Joseph Irikefe
Director General of the Nigerian Maritime Administration and Safety Agency (NIMASA), Bashir Jamoh, has awarded contracts valued at about N9 billion as his tenure end in March 2024.
According to the report, the contracts were awarded on Friday, October 20, 2023, on day two of the agency’s 142nd Parastatal Tenders Board [PTB] meetings which opened on Thursday, October 19, 2023.
A source who is familiar with the development said that the DG caused to be awarded, contracts totaling about $10,000,000 (about N9 billion) few months to the end of his tenure.
The awards came at a time when the Federal Government is complaining of lack of funds and has been making strenuous efforts to increase the revenue of government.
The contracts awarded, as claimed, have no relevance to the core mandate of NIMASA.
Stakeholders, it was gathered, believed that the contracts were awarded to influential people in government to ensure Jamoh’s reappointment as director general.
It was disclosed that some of the contracts awarded included: the construction of skill acquisition centres in Zamfara State, Ondo State and Kafanchan, Kaduna State at N1.5 billion to three companies, Cratex construction Ltd, CGGC Company Ltd and Single Approach Engineering Ltd.

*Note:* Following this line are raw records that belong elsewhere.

Lemma state_loopsE n w st :
  state_loops n w st =
  ncomponents ((size w).+1 * n)
    (diagram_edges n (size w) (fun t => (nth (0%N, true) w t).1) (nth false st)).
Proof. by []. Qed.

Definition straight (pos : nat -> nat) (b : nat -> bool) t p :=
  ~~ b t || (p != (pos t).-1) && (p != pos t).

Section DiagramEdges.
Variables (n c : nat) (pos : nat -> nat) (b : nat -> bool).
Hypothesis pos_range : forall t, (t < c)%N -> (0 < pos t < n)%N.

Lemma diagram_edges_ind (P : nat -> nat -> Prop) :
  (forall t p, (t < c)%N -> (p < n)%N -> straight pos b t p ->
      P (vtx n t p) (vtx n t.+1 p)) ->
  (forall t, (t < c)%N -> b t ->
      P (vtx n t (pos t).-1) (vtx n t (pos t)) /\
      P (vtx n t.+1 (pos t).-1) (vtx n t.+1 (pos t))) ->
  (forall p, (p < n)%N -> P (vtx n c p) (vtx n 0 p)) ->
  forall u v, (u, v) \in diagram_edges n c pos b -> P u v.
Proof.
move=> Pstraight Pcupcap Pclosure u v; rewrite mem_cat => /orP [|].
- move=> /flattenP [_ /mapP [t + ->]]; rewrite mem_iota add0n /= => tc.
  have /andP [pos_gt0 pos_lt] := pos_range tc.
  rewrite /level_edges mem_cat => /orP [|].
    move=> /mapP [p]; rewrite mem_filter mem_iota add0n /= => /andP [away pn] [-> ->].
    by apply: Pstraight; rewrite // /straight away orbT.
  case bt: (b t); rewrite !in_cons in_nil orbF => /orP [] /eqP [-> ->];
    try by case: (Pcupcap t tc bt).
  1,2: by apply: Pstraight; rewrite ?/straight ?bt //; lia.
- by move=> /mapP [p]; rewrite mem_iota add0n /= => pn [-> ->]; apply: Pclosure.
Qed.

Lemma straight_edge t p : (t < c)%N -> (p < n)%N -> straight pos b t p ->
  (vtx n t p, vtx n t.+1 p) \in diagram_edges n c pos b.
Proof.
move=> tc pn tp; rewrite mem_cat; apply/orP; left.
apply/flattenP; exists (level_edges n t (pos t) (b t)).
  by apply/mapP; exists t; rewrite ?mem_iota.
rewrite /level_edges mem_cat; case away: ((p != (pos t).-1) && (p != pos t)).
  by apply/orP; left; apply/mapP; exists p; rewrite // mem_filter away mem_iota.
move: tp; rewrite /straight away orbF => /negbTE bt.
move/negbT: away; rewrite negb_and !negbK bt !in_cons => /orP [] /eqP ->;
  by rewrite eqxx ?orbT.
Qed.

Lemma cupcap_edges t : (t < c)%N -> b t ->
  (vtx n t (pos t).-1, vtx n t (pos t)) \in diagram_edges n c pos b /\
  (vtx n t.+1 (pos t).-1, vtx n t.+1 (pos t)) \in diagram_edges n c pos b.
Proof.
move=> tc bt; have level_t :
    level_edges n t (pos t) (b t) \in [seq level_edges n s (pos s) (b s) | s <- iota 0 c].
  by apply: map_f; rewrite mem_iota.
split; rewrite mem_cat; apply/orP; left; apply/flattenP; exists (level_edges n t (pos t) (b t));
  by rewrite // /level_edges mem_cat bt !in_cons eqxx ?orbT.
Qed.

Lemma closure_edge p :
  (p < n)%N -> (vtx n c p, vtx n 0 p) \in diagram_edges n c pos b.
Proof.
by move=> pn; rewrite mem_cat; apply/orP; right; apply/mapP; exists p; rewrite ?mem_iota.
Qed.

End DiagramEdges.

Lemma vtx_lt n t p T : (p < n)%N -> (vtx n t p < T * n)%N = (t < T)%N.
Proof.
move=> pn; rewrite /vtx; apply/idP/idP => [vtxT|tT].
- rewrite ltnNge; apply/negP => Tt.
  have : (T * n <= t * n)%N by apply: leq_mul.
  lia.
- have : (t.+1 * n <= T * n)%N by apply: leq_mul.
  rewrite mulSn; lia.
Qed.

Lemma vtx_divn n t p : (p < n)%N -> (vtx n t p %/ n)%N = t.
Proof.
move=> pn; have n_gt0 : (0 < n)%N by case: n pn.
by rewrite /vtx divnMDl // divn_small // addn0.
Qed.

Two other contracts of N2 billion were said to have been awarded for the construction of medical science laboratories at federal university Kashere, Gombe State and construction of senate building at the maritime university, Okeronkoko, Delta State to Halims and Halims Interglobal Ltd and Axaka Ltd.
Meanwhile the same NIMASA under Jamoh has refused to release funds for payment of the certificate of competency (COC) of hundreds of students sponsored by NIMASA who have been abandoned abroad some for upwards of eleven years.
Sources at NIMASA further disclosed that “Jamoh always claims that there is no money but has been obsessed with award of contracts for all kinds of projects, particularly in the north.
“If he can get away with it under the former regime where his son in law, Tunde Sabiu, was the most powerful figure in the Buhari regime, why should he be allowed to continue with the same corruption and profligacy under the Tinubu government?”
It is alleged that none of the executive directors and senior directors of NIMASA were present at the Tenders Board meeting on that day because they had raised objections to the massive expenditure in the twilight of his tenure in office.
Some officials and Non- State actors, according to feelers, have called the attention of the ICPC and EFCC to the “heist” going on in the agency.
It could not be confirmed if formal petitions had been submitted to the anti-corruption agencies for necessary administrative actions.